In [1]:
import requests
import json
from collections import defaultdict

## Keys for filtering

In [2]:
sidebar_keys = {
    
    "subject_id",
    
    "title",
    "description",
    
    "offered_fall",
    "offered_spring",
    "offered_summer",
    "offered_IAP",
    
    "gir_attribute",
    "instructors",
    "total_units",
    "level",
    "prerequisites",
    "corequisites"
    
}

graph_keys = {
    
    "subject_id",
    "prerequisites",
    "corequisites",
    "related_subjects",
    "gir_attribute"
              
}

## API requests

In [3]:
def filter_dictionary(all_info_dict, which_keys):
    
    """
    Filters a dict to only include certain keys.
    Inputs:
        all_info_dict, a Dictionary of the result of parsing JSON from API request
        which_keys, a Set of strings.
    Outputs:
        a new filtered Dictionary
    """

    new_dict = {}
    
    for this_class_info in all_info_dict:

      this_class = this_class_info['subject_id']
      new_dict[this_class] = { k : v
          for k, v in this_class_info.items()
          if k in which_keys
          }

    return new_dict

def convert_list_graph_info(raw_graph_info):
  """
  Takes in input of filter_dictionary on graph information.
  Return new_dict with pre/coreqs transformed to List form.
  """
  new_dict = {
      "subject_id": raw_graph_info['subject_id'],
      "prerequisites": get_prereqs(raw_graph_info),
      "corequisites": get_coreqs(raw_graph_info), #Still need to do GIR parsing here.
      "related_subjects": raw_graph_info['related_subjects'][:] if 'related_subjects' in raw_graph_info else []
  }
  
  if 'gir_attribute' in raw_graph_info:
    new_dict['gir_attribute'] = raw_graph_info['gir_attribute']

  return new_dict

def get_course_basic_filter(request_url):
    """
    Requests and returns sidebar/graph information to be stored in database.
    Inputs:
        request_url, a str, the API url to request from
    Outputs:
        sidebar_info, graph_info,
            Dictionaries with lists, str that specify data to be stored on database.
        gir_attr_to_class_info,
            a Dict (str->str) of GIR attributes (without "GIR:")
                to the decimal str names of the classes that fulfill that GIR.
    """
    
    # Got help from this tutorial on how to make request
    # https://realpython.com/api-integration-in-python/
    all_info = requests.get(request_url).json()
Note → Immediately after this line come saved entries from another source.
(* Let $X$ be a $T_1$ topological space. Then $T''(X)$ is a (Von Neumann) regular ring if and only if for each $Z\in Z''[X]$ there exists a dense cozero set $U$ in $X$ such that $Z\cap U$ is clopen in the subspace $U$.
   Context: $C(X)$ is the ring of real-valued continuous functions on $X$; a cozero set is a set $\{x: h(x)\neq 0\}$ with $h\in C(X)$. $T''(X)$ is the ring (under pointwise operations) of all functions $f\colon X\to\mathbb{R}$ for which there is a dense cozero set $U$ of $X$ with $f|_U$ continuous. For $f\colon X\to \mathbb{R}$, $Z(f)=\{x: f(x)=0\}$, and $Z''[X]=\{Z(f): f\in T''(X)\}$. A commutative ring $R$ is regular if for each $a\in R$ there is $x\in R$ with $a=a^2x$. *)

From HB Require Import structures.
From mathcomp Require Import all_boot all_order all_algebra.
From mathcomp Require Import all_classical all_reals all_analysis.
Set Implicit Arguments. Unset Strict Implicit. Unset Printing Implicit Defensive.
Import Order.TTheory GRing.Theory Num.Theory.
Import numFieldNormedType.Exports.
Local Open Scope classical_set_scope.
Local Open Scope ring_scope.

Definition cozero_set (R : realType) (X : topologicalType) (U : set X) : Prop :=
  exists h : X -> R, continuous h /\ U = [set x | h x != 0].

Definition Tpp (R : realType) (X : topologicalType) (f : X -> R) : Prop :=
  exists U : set X, cozero_set R U /\ dense U /\ {within U, continuous f}.

Definition Tpp_regular (R : realType) (X : topologicalType) : Prop :=
  forall a : X -> R, Tpp a ->
    exists b : X -> R, Tpp b /\ a = (fun x => a x * a x * b x).

Definition zero_set (R : realType) (X : Type) (f : X -> R) : set X :=
  [set x | f x = 0].

Definition Zpp (R : realType) (X : topologicalType) (Z : set X) : Prop :=
  exists f : X -> R, Tpp f /\ Z = zero_set f.

Definition clopen_in (X : topologicalType) (U A : set X) : Prop :=
  A `<=` U /\
  (exists O : set X, open O /\ A = O `&` U) /\
  (exists C : set X, closed C /\ A = C `&` U).

From HB Require Import structures.
From mathcomp Require Import all_boot all_order all_algebra.
From mathcomp Require Import all_classical all_reals all_analysis.
Local Open Scope classical_set_scope.
Local Open Scope ring_scope.
Import Order.TTheory GRing.Theory Num.Theory.
Import numFieldNormedType.Exports.
Set Implicit Arguments. Unset Strict Implicit.

(* If f = f^2 g, then f g is 1 off Z(f) and 0 on Z(f); being continuous on a
   dense cozero set U, it exhibits Z(f) ∩ U as both open and closed in U.
   Conversely, the pointwise inverse 1/f (with 1/0 = 0) satisfies f = f^2 (1/f);
   on a dense cozero set U on which f is continuous and Z(f) ∩ U is open in U,
   1/f is continuous at points of U off Z(f) because f is, and at points of
   Z(f) ∩ U because it vanishes on a neighbourhood of them. *)

Lemma cozero_set_open (R : realType) (X : topologicalType) (U : set X) :
  cozero_set R U -> open U.
Proof.
move=> [h [ch ->]].
have -> : [set x | h x != 0] = h @^-1` [set y : R | y != 0] by [].
by apply: open_comp; [move=> x _; apply: ch | exact: open_neq].
Qed.

Lemma cozero_setI (R : realType) (X : topologicalType) (U V : set X) :
  cozero_set R U -> cozero_set R V -> cozero_set R (U `&` V).
Proof.
move=> [h [ch ->]] [k [ck ->]]; exists (h \* k); split.
  by move=> x; exact: continuousM (ch x) (ck x).
by apply/seteqP; split=> x /=; rewrite mulf_eq0 negb_or => /andP.
Qed.

Lemma Tpp_continuous_in (R : realType) (X : topologicalType) (f : X -> R) :
  Tpp f -> exists U, [/\ cozero_set R U, dense U & {in U, continuous f}].
Proof.
move=> [U [cU [dU cf]]]; exists U; split => //.
by rewrite -continuous_open_subspace //; exact: cozero_set_open cU.
Qed.

Lemma Tpp_continuous_inI (R : realType) (X : topologicalType) (f g : X -> R) :
  Tpp f -> Tpp g ->
  exists U, [/\ cozero_set R U, dense U, {in U, continuous f}
              & {in U, continuous g}].
Proof.
move=> /Tpp_continuous_in[U [cU dU cf]] /Tpp_continuous_in[V [cV dV cg]].
exists (U `&` V); split;
  [exact: cozero_setI | exact: denseI (cozero_set_open cU) dU dV | |];
  move=> x /set_mem[Ux Vx]; [exact: cf (mem_set Ux) | exact: cg (mem_set Vx)].
Qed.

Lemma open_preimage_in (R : realType) (X : topologicalType) (U : set X)
    (g : X -> R) (A : set R) :
  open U -> {in U, continuous g} -> open A -> open (U `&` g @^-1` A).
Proof. by move=> oU cg; apply: (continuous_inP _ oU).1. Qed.

Lemma regular_mul_inv (F : fieldType) (a b : F) :
  a = a * a * b -> a != 0 -> a * b = 1.
Proof. by move=> aE a0; apply: (mulfI a0); rewrite mulr1 mulrA -aE. Qed.

Lemma regular_clopen_zero_set (R : realType) (X : topologicalType)
    (U : set X) (f b : X -> R) :
  open U -> {in U, continuous (f \* b)} -> f = (fun x => f x * f x * b x) ->
  clopen_in U (zero_set f `&` U).
Proof.
move=> oU cfb fE.
have fb1 x : f x != 0 -> f x * b x = 1.
  by apply: regular_mul_inv; exact: (congr1 (fun g => g x) fE).
have fb0 x : f x = 0 -> f x * b x = 0 by move->; rewrite mul0r.
split; first by move=> x [].
split.
- exists (U `&` (f \* b) @^-1` [set y | y != 1]).
  split; first exact/open_preimage_in/open_neq.
  apply/seteqP; split=> x /=; rewrite /zero_set /=.
    by move=> [fx0 Ux]; rewrite fb0 // eq_sym oner_eq0.
  move=> [[Ux /= fbx] _]; split => //.
  by apply: contraNeq fbx => /fb1->.
- exists (~` (U `&` (f \* b) @^-1` [set y | y != 0])).
  split; first exact/open_closedC/open_preimage_in/open_neq.
  apply/seteqP; split=> x /=; rewrite /zero_set /=.
    by move=> [fx0 Ux]; split => // -[_]; rewrite fb0 ?eqxx.
  move=> [nx Ux]; split => //; have [//|/fb1 fbx] := eqVneq (f x) 0.
  by case: nx; split => //=; rewrite fbx oner_eq0.
Qed.

Lemma continuous_in_inv (R : realType) (X : topologicalType)
    (U W : set X) (f : X -> R) :
  open U -> {in U, continuous f} -> open W -> zero_set f `&` U = W `&` U ->
  {in U, continuous (fun x => (f x)^-1)}.
Proof.
move=> oU cf oW ZE x Ux.
have [fx0|fx0] := eqVneq (f x) 0; last exact: continuousV (cf x Ux).
have ZU : nbhs x (zero_set f `&` U).
  rewrite ZE; apply: open_nbhs_nbhs; split; first exact: openI.
  by rewrite -ZE; split => //; exact: set_mem.
rewrite /continuous_at fx0 invr0; apply: cvg_near_cst.
by apply: filterS ZU => y [/= fy0 _]; rewrite fy0 invr0.
Qed.

Lemma Tpp_inv (R : realType) (X : topologicalType) (U W : set X) (f : X -> R) :
  cozero_set R U -> dense U -> open W -> zero_set f `&` U = W `&` U ->
  Tpp f -> Tpp (fun x => (f x)^-1).
Proof.
move=> cU dU oW ZE /Tpp_continuous_in[V [cV dV cf]].
have [oU oV] := (cozero_set_open cU, cozero_set_open cV).
exists (U `&` V); split; first exact: cozero_setI.
split; first exact: denseI oU dU dV.
rewrite continuous_open_subspace; last exact: openI.
apply: (continuous_in_inv (openI oU oV) _ oW).
  by move=> x /set_mem[_ Vx]; exact: cf (mem_set Vx).
by rewrite setIA ZE setIA.
Qed.

Lemma mulf_regular_inv (T : Type) (F : fieldType) (f : T -> F) :
  f = (fun x => f x * f x * (f x)^-1).
Proof.
apply: funext => x; have [->|fx0] := eqVneq (f x) 0; first by rewrite !mul0r.
by rewrite mulfK.
Qed.

Theorem theorem3p1 (R : realType) (X : topologicalType) :
  accessible_space X ->
  (Tpp_regular R X <->
   (forall Z : set X, Zpp R Z ->
      exists U : set X, cozero_set R U /\ dense U /\ clopen_in U (Z `&` U))).
Proof.
move=> _; split.
- move=> reg Z [f [Tf ->]].
  have [b [Tb fE]] := reg f Tf.
  have [U [cU dU cf cb]] := Tpp_continuous_inI Tf Tb.
  exists U; do 2 split => //.
  apply: regular_clopen_zero_set fE; first exact: cozero_set_open cU.
  by move=> x Ux; exact: continuousM (cf x Ux) (cb x Ux).
- move=> clopenZ f Tf.
  have [U [cU [dU [_ [[W [oW ZE]] _]]]]] :=
    clopenZ _ (ex_intro _ f (conj Tf erefl)).
  exists (fun x => (f x)^-1); split; last exact: mulf_regular_inv.
  exact: Tpp_inv cU dU oW ZE Tf.
Qed.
    sidebar_info = filter_dictionary(all_info, sidebar_keys)
    graph_info = {k : convert_list_graph_info(v) for k, v in filter_dictionary(all_info, graph_keys).items()}
    
    gir_attr_to_class_info = gir_attr_to_classes(all_info)
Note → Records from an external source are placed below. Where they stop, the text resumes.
(* In the standing setting below, for every set $\mathcal{O}'$ of popular sets with $|\mathcal{O}'|\le\kappa$ there is a single $b$-path-system $\mathcal{P}$ that witnesses the popularity of every $O\in\mathcal{O}'$ simultaneously.
   Context: Standing setting: $M,N$ are finitary matroids on a common ground set $E$; $I\in\mathcal{I}(M)\cap\mathcal{I}(N)$ is maximal among common independent sets; $\kappa:=r(N/I)$ is an uncountable regular cardinal and $r(M/I)<\kappa$. Fix a base $J_M$ of $M/I$ and a base $J_N$ of $N/I$, put $B_M:=I\cup J_M$, $B_N:=I\cup J_N$, $b:=(B_M,B_N)$. For a base $B$ of a matroid $M$, $D_M(B)$ is the digraph on $E$ with arc $ef$ iff $e\notin B$ and $f\in C_M(e,B)\setminus\{e\}$ ($C_M(e,B)$ the fundamental circuit); $D(b):=D_M(B_M)\cup D_N^{-1}(B_N)$ where $D^{-1}$ reverses all arcs. A $b$-path is a finite directed path $P$ in $D(b)$ whose initial vertex lies in $B_N\setminus B_M$ (single vertices allowed); $\mathsf{ter}(P)$ is its terminal vertex and $\mathsf{ter}(\mathcal{P})=\{\mathsf{ter}(P):P\in\mathcal{P}\}$. A $b$-path-system is a set of $\kappa$ pairwise disjoint $b$-paths. A $\Delta$-system is a family of sets any two of which intersect in the same set $K$ (the kernel); its petals are $C\setminus K$. A nonempty $K\subseteq E$ is popular if there exist a $b$-path-system $\mathcal{P}$ and a $\Delta$-system $\mathcal{D}$ of $\kappa$ many circuits of $M$ with kernel $K$ such that every petal of $\mathcal{D}$ is contained in $I\cup\mathsf{ter}(\mathcal{P})$; such $\mathcal{P}$ witnesses the popularity of $K$. *)

From HB Require Import structures.
From mathcomp Require Import all_boot all_order.
From mathcomp Require Import boolp classical_sets cardinality.
Set Implicit Arguments. Unset Strict Implicit. Unset Printing Implicit Defensive.
Local Open Scope classical_set_scope.
Local Open Scope card_scope.

Definition card_lt (T U : Type) (A : set T) (B : set U) : Prop :=
  A #<= B /\ ~ (B #<= A).

Section Matroids.
Variable E : choiceType.
Lemma geom_sum : forall r t, rsum t (fun s => r ^ s) * (1 - r) = 1 - r ^ t.
Proof. induction t; simpl; [ring | rewrite Rmult_plus_distr_r, IHt; ring]. Qed.

Lemma geom_sum_rev : forall r t, rsum t (fun s => r ^ (t - s)) * (1 - r) = r - r ^ S t.
Proof.
  induction t; [simpl; ring |]. cbn [rsum]. replace (S t - t)%nat with 1%nat by lia.
  rewrite (rsum_ext t (fun s => r ^ (S t - s)) (fun s => r * r ^ (t - s))), rsum_scal_l
    by (intros; replace (S t - i)%nat with (S (t - i)) by lia; reflexivity).
  replace ((r * rsum t (fun s => r ^ (t - s)) + r ^ 1) * (1 - r))
    with (r * (rsum t (fun s => r ^ (t - s)) * (1 - r)) + r * (1 - r)) by ring.
  rewrite IHt. simpl. ring.
Qed.

Lemma pow_le_inv_sq : forall r (n t : nat), 0 < r < 1 -> (2 <= n)%nat ->
  2 / (- ln r) * ln (INR n) <= INR t -> r ^ t <= / INR n * / INR n.
Proof.
  intros r n t Hr Hn Ht.
  assert (HnR : 1 < INR n) by (apply lt_1_INR; lia).
  assert (Hlnr : ln r < 0) by (rewrite <- ln_1; apply ln_increasing; lra).
  assert (Hlnn : 0 < ln (INR n)) by (rewrite <- ln_1; apply ln_increasing; lra).
  assert (Hexp : INR t * ln r <= - (2 * ln (INR n))).
  { apply (Rmult_le_compat_r (- ln r)) in Ht; [| lra].
    replace (2 / - ln r * ln (INR n) * - ln r) with (2 * ln (INR n)) in Ht by (field; lra). lra. }
  rewrite <- Rpower_pow by lra. unfold Rpower.
  replace (/ INR n * / INR n) with (exp (- (2 * ln (INR n)))).
  - apply exp_le. lra.
  - replace (- (2 * ln (INR n))) with (- ln (INR n) + - ln (INR n)) by ring.
    rewrite exp_plus, exp_Ropp, exp_ln by lra. reflexivity.
Qed.

(** * Walks with a general kernel *)

Fixpoint tpow (n : nat) (P : nat -> nat -> R) (u t w : nat) : R :=
  match t with
  | O => if Nat.eqb w u then 1 else 0
  | S s => rsum n (fun x => P x w * tpow n P u s x)
  end.

Lemma tpow_nonneg : forall n P u t w, (forall x y, 0 <= P x y) -> 0 <= tpow n P u t w.
Proof.
  induction t; intros; simpl; [destruct (Nat.eqb w u); lra |].
  apply rsum_nonneg. intros. apply Rmult_le_pos; auto.
Qed.

(* visits n P v u t w = E_u[#{s < t | X_s = v}; X_t = w] for the walk with kernel P *)
Fixpoint visits (n : nat) (P : nat -> nat -> R) (v u t w : nat) : R :=
  match t with
  | O => 0
  | S s => rsum n (fun x =>
      P x w * (visits n P v u s x + if Nat.eqb x v then tpow n P u s x else 0))
  end.

Lemma visits_nonneg : forall n P v u t w, (forall x y, 0 <= P x y) -> 0 <= visits n P v u t w.
Proof.
  induction t; intros; simpl; [lra |].
  apply rsum_nonneg. intros. apply Rmult_le_pos; auto.
  assert (0 <= visits n P v u t i) by auto.
  assert (0 <= tpow n P u t i) by (apply tpow_nonneg; auto).
  destruct (Nat.eqb i v); lra.
Qed.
    return sidebar_info, graph_info, gir_attr_to_class_info


def gen_usable_graph_info(graph_info, gir_attr_to_class_dict):
    """
    Inputs:
        graph_info, the output of get_course_basic_filter on graph data
              (raw prereqs, coreqs already converted to list)
        gir_attr_to_class_dict, a Dict of str GIR names to str names of classes that fulfill them.
    Outputs:
        a Dict of graph_info, with the following updated:
            (1) The GIR classes and the references to them will have the individual GIR class information,
                not the GIR attribute.
            (2) Individual GIR classes will receive the pooled list of "after subjects" of their group.
    """
    
    #This will update the pre/coreqs of all GIR classes to have the pooled information.
    graph_info = gir_redistribute_reqs(graph_info, gir_attr_to_class_dict) 
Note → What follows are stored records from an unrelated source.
(* There is an absolute constant $C$ such that for every tree $T$ (in the sense of the context), every $j\in\mathcal{J}(T)$ and every $0\le t\le1$, $$|I_T(t,j)|\le (Ct)^{|T^0|/2}\prod_{v\in T^0}\langle\sigma(j,v)\rangle^{-1/2}.$$
   Context: A tree is a finite rooted tree in which every node has either zero or three children; the children of a node $v$ with three children are denoted $v_1,v_2,v_3$. $T^0$ is the set of non-terminal nodes and $T^\infty$ the set of terminal nodes. For nodes, $v<w$ means $v$ is a (strict) descendant of $w$. $\mathcal{J}(T)$ is the set of $j\in\mathbb{Z}^T$ such that for every $v\in T^0$, $j_v=j_{v_1}+j_{v_2}+j_{v_3}$ and either $j_{v_i}\neq j_v$ for all $i=1,2,3$, or $j_{v_1}=-j_{v_2}=j_{v_3}=j_v$. Let $\sigma(n_1,n_2,n_3)=(n_1+n_2+n_3)^3-n_1^3-n_2^3-n_3^3=3(n_1+n_2)(n_2+n_3)(n_3+n_1)$, and for $v\in T^0$, $\sigma(j,v)=\sigma(j_{v_1},j_{v_2},j_{v_3})$. $\langle x\rangle=(1+x^2)^{1/2}$. $\mathcal{R}(T,t)=\{s\in\mathbb{R}_+^{T^0}: 0\le s_v\le s_w\le t\text{ whenever }v<w\}$, $c(j,s)=\prod_{v\in T^0}e^{i\sigma(j,v)s_v}$, and $I_T(t,j)=\int_{\mathcal{R}(T,t)}c(j,s)\,ds$. *)

From Stdlib Require Import Reals Lra ZArith ClassicalEpsilon.
Open Scope R_scope.

(** Ternary trees whose nodes carry an integer label: a tree T together with
    j : Z^T.  [LLeaf z] is a terminal node with j-value z; [LNode z a b c] is a
    non-terminal node v with j_v = z and children v1 = a, v2 = b, v3 = c. *)
Inductive ltree : Type :=
| LLeaf : Z -> ltree
| LNode : Z -> ltree -> ltree -> ltree -> ltree.

Definition lab (t : ltree) : Z :=
  match t with LLeaf z => z | LNode z _ _ _ => z end.

Fixpoint n_int (t : ltree) : nat :=
  match t with
  | LLeaf _ => 0
  | LNode _ a b c => S (n_int a + n_int b + n_int c)
  end.

Definition sigma (n1 n2 n3 : Z) : Z :=
  ((n1 + n2 + n3) ^ 3 - n1 ^ 3 - n2 ^ 3 - n3 ^ 3)%Z.

Fixpoint inJ (t : ltree) : Prop :=
  match t with
  | LLeaf _ => True
  | LNode z a b c =>
      z = (lab a + lab b + lab c)%Z /\
      ((lab a <> z /\ lab b <> z /\ lab c <> z) \/
       (lab a = z /\ lab b = (- z)%Z /\ lab c = z)) /\
      inJ a /\ inJ b /\ inJ c
  end.

Definition jbr (x : R) : R := sqrt (1 + x ^ 2).

Fixpoint sigma_weight (t : ltree) : R :=
  match t with
  | LLeaf _ => 1
  | LNode _ a b c =>
      / sqrt (jbr (IZR (sigma (lab a) (lab b) (lab c))))
      * sigma_weight a * sigma_weight b * sigma_weight c
  end.

Definition Cx := (R * R)%type.
Definition Cmul (x y : Cx) : Cx :=
  (fst x * fst y - snd x * snd y, fst x * snd y + snd x * fst y).
Definition Cexpi (th : R) : Cx := (cos th, sin th).
Definition Cmod (x : Cx) : R := sqrt (fst x ^ 2 + snd x ^ 2).

(** Total version of the Riemann integral: the Riemann integral of f over [a,b]
    when f is Riemann integrable there (its value does not depend on the
    integrability proof), and 0 otherwise (never used: all integrands below
    are continuous). *)
Definition Rint (f : R -> R) (a b : R) : R :=
  match excluded_middle_informative
          (exists pr : Riemann_integrable f a b, True) with
  | left h => RiemannInt (proj1_sig (constructive_indefinite_description _ h))
  | right _ => 0
  end.

Definition Cint (f : R -> Cx) (a b : R) : Cx :=
  (Rint (fun s => fst (f s)) a b, Rint (fun s => snd (f s)) a b).

(** I_T(t,j) = int_{R(T,t)} prod_{v in T^0} e^{i sigma(j,v) s_v} ds, computed
    as the iterated integral over the region
    R(T,t) = {0 <= s_v <= s_w <= t whenever v < w}: integrating first over the
    root variable s_r in [0,t], the remaining region is the product of the
    regions R(T_{r_i}, s_r) of the three subtrees, so
    I_T(t,j) = int_0^t e^{i sigma(j,r) s} prod_i I_{T_{r_i}}(s,j) ds,
    with I = 1 for the tree with no non-terminal node (empty integral). *)
Fixpoint I_T (t : ltree) (tt : R) : Cx :=
  match t with
  | LLeaf _ => (1, 0)
  | LNode _ a b c =>
      Cint (fun s => Cmul (Cexpi (IZR (sigma (lab a) (lab b) (lab c)) * s))
                          (Cmul (I_T a s) (Cmul (I_T b s) (I_T c s))))
           0 tt
  end.

(* Unfolding the root, I_T(t) = int_0^t e^{i sigma s} F(s) ds with F the product of the
   functions of the three subtrees.  One proves by induction on T that, with n = |T^0| and
   A = D^n prod_v <sigma(j,v)>^{-1/2}, |I_T(s)| <= A s^{n/2} and
   |I_T(s') - I_T(s)| <= A (s' - s)^{1/2} s'^{(n-1)/2}.  These bounds pass to products of three
   functions, and integrating against e^{i sigma s} costs a factor (s' - s)^{1/2} and gains
   <sigma>^{-1/2}: if (s' - s)|sigma| <= 2 pi the trivial bound suffices, and otherwise averaging
   the integral with its translate by the half period p = pi/|sigma| replaces F(u) by
   F(u) - F(u + p) = O(p^{1/2}), with p^{1/2} <= 3 <sigma>^{-1/2}. *)

From Pilot Require Import Defs.
From Stdlib Require Import Reals ZArith Lra Lia ClassicalEpsilon.
From Coquelicot Require Import Coquelicot.
Import Defs.
Open Scope R_scope.

Notation CRInt := (@RInt C_R_CompleteNormedModule).

Lemma Cmod_norm_R (x : C) : Cmod x = @norm R_AbsRing C_R_NormedModule x.
Proof. apply Cmod_norm. Qed.

Lemma Cmod_nonneg (x : C) : 0 <= Cmod x.
Proof. apply Cmod_ge_0. Qed.

Lemma Cmod_Cplus_le (x y : C) : Cmod (Cplus x y) <= Cmod x + Cmod y.
Proof. apply Cmod_triangle. Qed.

Lemma Cmod_Cmul (x y : C) : Cmod (Cmul x y) = Cmod x * Cmod y.
Proof. apply Cmod_mult. Qed.

Lemma Cmod_Copp (x : C) : Cmod (Copp x) = Cmod x.
Proof. apply Cmod_opp. Qed.

Lemma Rint_RInt (f : R -> R) (a b : R) : ex_RInt f a b -> Rint f a b = RInt f a b.
Proof.
  intros Hf; unfold Rint.
  destruct excluded_middle_informative as [h | h].
  - symmetry; apply RInt_Reals.
  - exfalso; apply h; exists (ex_RInt_Reals_0 _ _ _ Hf); trivial.
Qed.

Definition rcontinuous (f : R -> R) : Prop := forall x, continuous f x.

Definition ccontinuous (f : R -> C) : Prop :=
  rcontinuous (fun s => fst (f s)) /\ rcontinuous (fun s => snd (f s)).

Lemma ex_RInt_rcontinuous (f : R -> R) (a b : R) : rcontinuous f -> ex_RInt f a b.
Proof. intros Hf; apply (ex_RInt_continuous (V := R_CompleteNormedModule)); auto. Qed.

Lemma rcontinuous_RInt (f : R -> R) : rcontinuous f -> rcontinuous (fun t => RInt f 0 t).
Proof.
  intros Hf x.
  apply (ex_derive_continuous (K := R_AbsRing) (V := R_NormedModule)).
  exists (f x); apply (is_derive_RInt f (fun t => RInt f 0 t) 0 x); auto.
  apply filter_forall; intros y.
  apply (RInt_correct (V := R_CompleteNormedModule)), ex_RInt_rcontinuous, Hf.
Qed.

Lemma ccontinuous_Cmul (f g : R -> C) :
  ccontinuous f -> ccontinuous g -> ccontinuous (fun s => Cmul (f s) (g s)).
Proof.
  intros [f1 f2] [g1 g2]; split; intros x; cbn.
  - apply (continuous_minus (V := R_NormedModule));
      apply (continuous_mult (K := R_AbsRing)); auto.
  - apply (continuous_plus (V := R_NormedModule));
      apply (continuous_mult (K := R_AbsRing)); auto.
Qed.

Lemma ccontinuous_Cplus (f g : R -> C) :
  ccontinuous f -> ccontinuous g -> ccontinuous (fun s => Cplus (f s) (g s)).
Proof.
  intros [f1 f2] [g1 g2]; split; intros x; cbn;
    apply (continuous_plus (V := R_NormedModule)); auto.
Qed.

Lemma ccontinuous_Cexpi_scale (a : R) : ccontinuous (fun s => Cexpi (a * s)).
Proof.
  assert (Hlin : forall x, continuous (fun s => a * s) x).
  { intros x; apply (continuous_mult (K := R_AbsRing) (fun _ => a) (fun s => s));
      [apply continuous_const | apply continuous_id]. }
  split; intros x; cbn; [apply continuous_cos_comp | apply continuous_sin_comp]; auto.
Qed.

Lemma ccontinuous_shift (f : R -> C) (p : R) :
  ccontinuous f -> ccontinuous (fun u => f (u + p)).
Proof.
  assert (Hshift : forall x, continuous (fun u => u + p) x).
  { intros x; apply (continuous_plus (V := R_NormedModule) (fun u => u) (fun _ => p));
      [apply continuous_id | apply continuous_const]. }
  intros [f1 f2]; split; intros x;
    apply (continuous_comp (fun u => u + p) (fun u => _ (f u))); auto.
Qed.

Lemma CRInt_pair (f : R -> C) (a b : R) : ccontinuous f ->
  CRInt f a b = (RInt (fun s => fst (f s)) a b, RInt (fun s => snd (f s)) a b).
Proof.
  intros [f1 f2]; apply is_RInt_unique.
  apply (is_RInt_fct_extend_pair (U := R_NormedModule) (V := R_NormedModule));
    apply (RInt_correct (V := R_CompleteNormedModule)), ex_RInt_rcontinuous; auto.
Qed.

Lemma ex_CRInt (f : R -> C) (a b : R) :
  ccontinuous f -> ex_RInt (V := C_R_CompleteNormedModule) f a b.
Proof.
  intros [f1 f2].
  apply (ex_RInt_fct_extend_pair (U := R_NormedModule) (V := R_NormedModule));
    apply ex_RInt_rcontinuous; auto.
Qed.

Lemma Cint_CRInt (f : R -> C) (a b : R) : ccontinuous f -> Cint f a b = CRInt f a b.
Proof.
  intros Hf; rewrite CRInt_pair by exact Hf; destruct Hf as [f1 f2].
  unfold Cint; rewrite !Rint_RInt by (apply ex_RInt_rcontinuous; auto); reflexivity.
Qed.

Lemma ccontinuous_CRInt (f : R -> C) : ccontinuous f -> ccontinuous (fun t => CRInt f 0 t).
Proof.
  intros Hf; assert (E := fun t => CRInt_pair f 0 t Hf); destruct Hf as [f1 f2].
  split; intros x; eapply continuous_ext; try (intros t; rewrite E; reflexivity);
    apply rcontinuous_RInt; auto.
Qed.

Definition oscillatory (xi : R) (F : R -> C) (u : R) : C := Cmul (Cexpi (xi * u)) (F u).

Lemma ccontinuous_oscillatory (xi : R) (F : R -> C) :
  ccontinuous F -> ccontinuous (oscillatory xi F).
Proof. intros HF; apply ccontinuous_Cmul; [apply ccontinuous_Cexpi_scale | exact HF]. Qed.

Lemma CRInt_norm_le (G : R -> C) (a b M : R) : ccontinuous G -> a <= b ->
  (forall u, a <= u <= b -> Cmod (G u) <= M) -> Cmod (CRInt G a b) <= (b - a) * M.
Proof.
  intros HG hab HM; rewrite Cmod_norm_R.
  apply (norm_RInt_le_const (V := C_R_NormedModule) G); auto.
  - intros u hu; rewrite <- Cmod_norm_R; auto.
  - apply (RInt_correct (V := C_R_CompleteNormedModule)), ex_CRInt, HG.
Qed.

Lemma CRInt_Chasles (G : R -> C) (a b c : R) :
  ccontinuous G -> Cplus (CRInt G a b) (CRInt G b c) = CRInt G a c.
Proof. intros HG; apply (RInt_Chasles (V := C_R_CompleteNormedModule)); apply ex_CRInt, HG. Qed.

Lemma CRInt_minus (G : R -> C) (a b : R) :
  ccontinuous G -> Cminus (CRInt G 0 b) (CRInt G 0 a) = CRInt G a b.
Proof.
  intros HG; rewrite <- (CRInt_Chasles G 0 a b HG).
  destruct (CRInt G 0 a), (CRInt G a b); unfold Cminus, Cplus, Copp; cbn; f_equal; ring.
Qed.

Lemma CRInt_shift (G : R -> C) (p a b : R) :
  ccontinuous G -> CRInt (fun u => G (u + p)) a b = CRInt G (a + p) (b + p).
Proof.
  intros HG.
  replace (a + p) with (1 * a + p) by ring; replace (b + p) with (1 * b + p) by ring.
  rewrite <- RInt_comp_lin by apply ex_CRInt, HG.
  apply RInt_ext; intros u _; rewrite Rmult_1_l; symmetry; apply (scal_one (V := C_R_ModuleSpace)).
Qed.

Lemma Cmod_double (x : C) : Cmod (Cplus x x) = 2 * Cmod x.
Proof.
  replace (Cplus x x) with (Cmult (RtoC 2) x)
    by (destruct x; unfold Cplus, Cmult, RtoC; cbn; f_equal; ring).
  rewrite Cmod_mult, Cmod_R, Rabs_pos_eq by lra; reflexivity.
Qed.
    #After subject calculations MUST be after GIR pooling. 
    #Below: GIR redistribute after subjects is included.

    graph_info = gen_after_subjects(graph_info, gir_attr_to_class_dict)

    return graph_info

## GIR parsing and redistribution

In [4]:
def gir_attr_to_classes(all_girs):
    
    """
    Input:
      Result of all_gir_attr_to_classes, a List of Dictionaries,
          the request to get all GIRs from API.
    Output:
        a Dictionary, str -> str,
            keys: (str), the GIR attribute
            values: (List of str), the class decimal names of this GIR
        Filters out LAB, LAB2, REST.
    """

    gir_ignore = {"LAB", "LAB2", "REST"}
    gir_attr_to_class = defaultdict(list)

    for gir_info in all_girs:

        if not 'gir_attribute' in gir_info: #For graduate classes that meet with REST, e.g. 1.001
            continue

        this_gir_attr = gir_info['gir_attribute']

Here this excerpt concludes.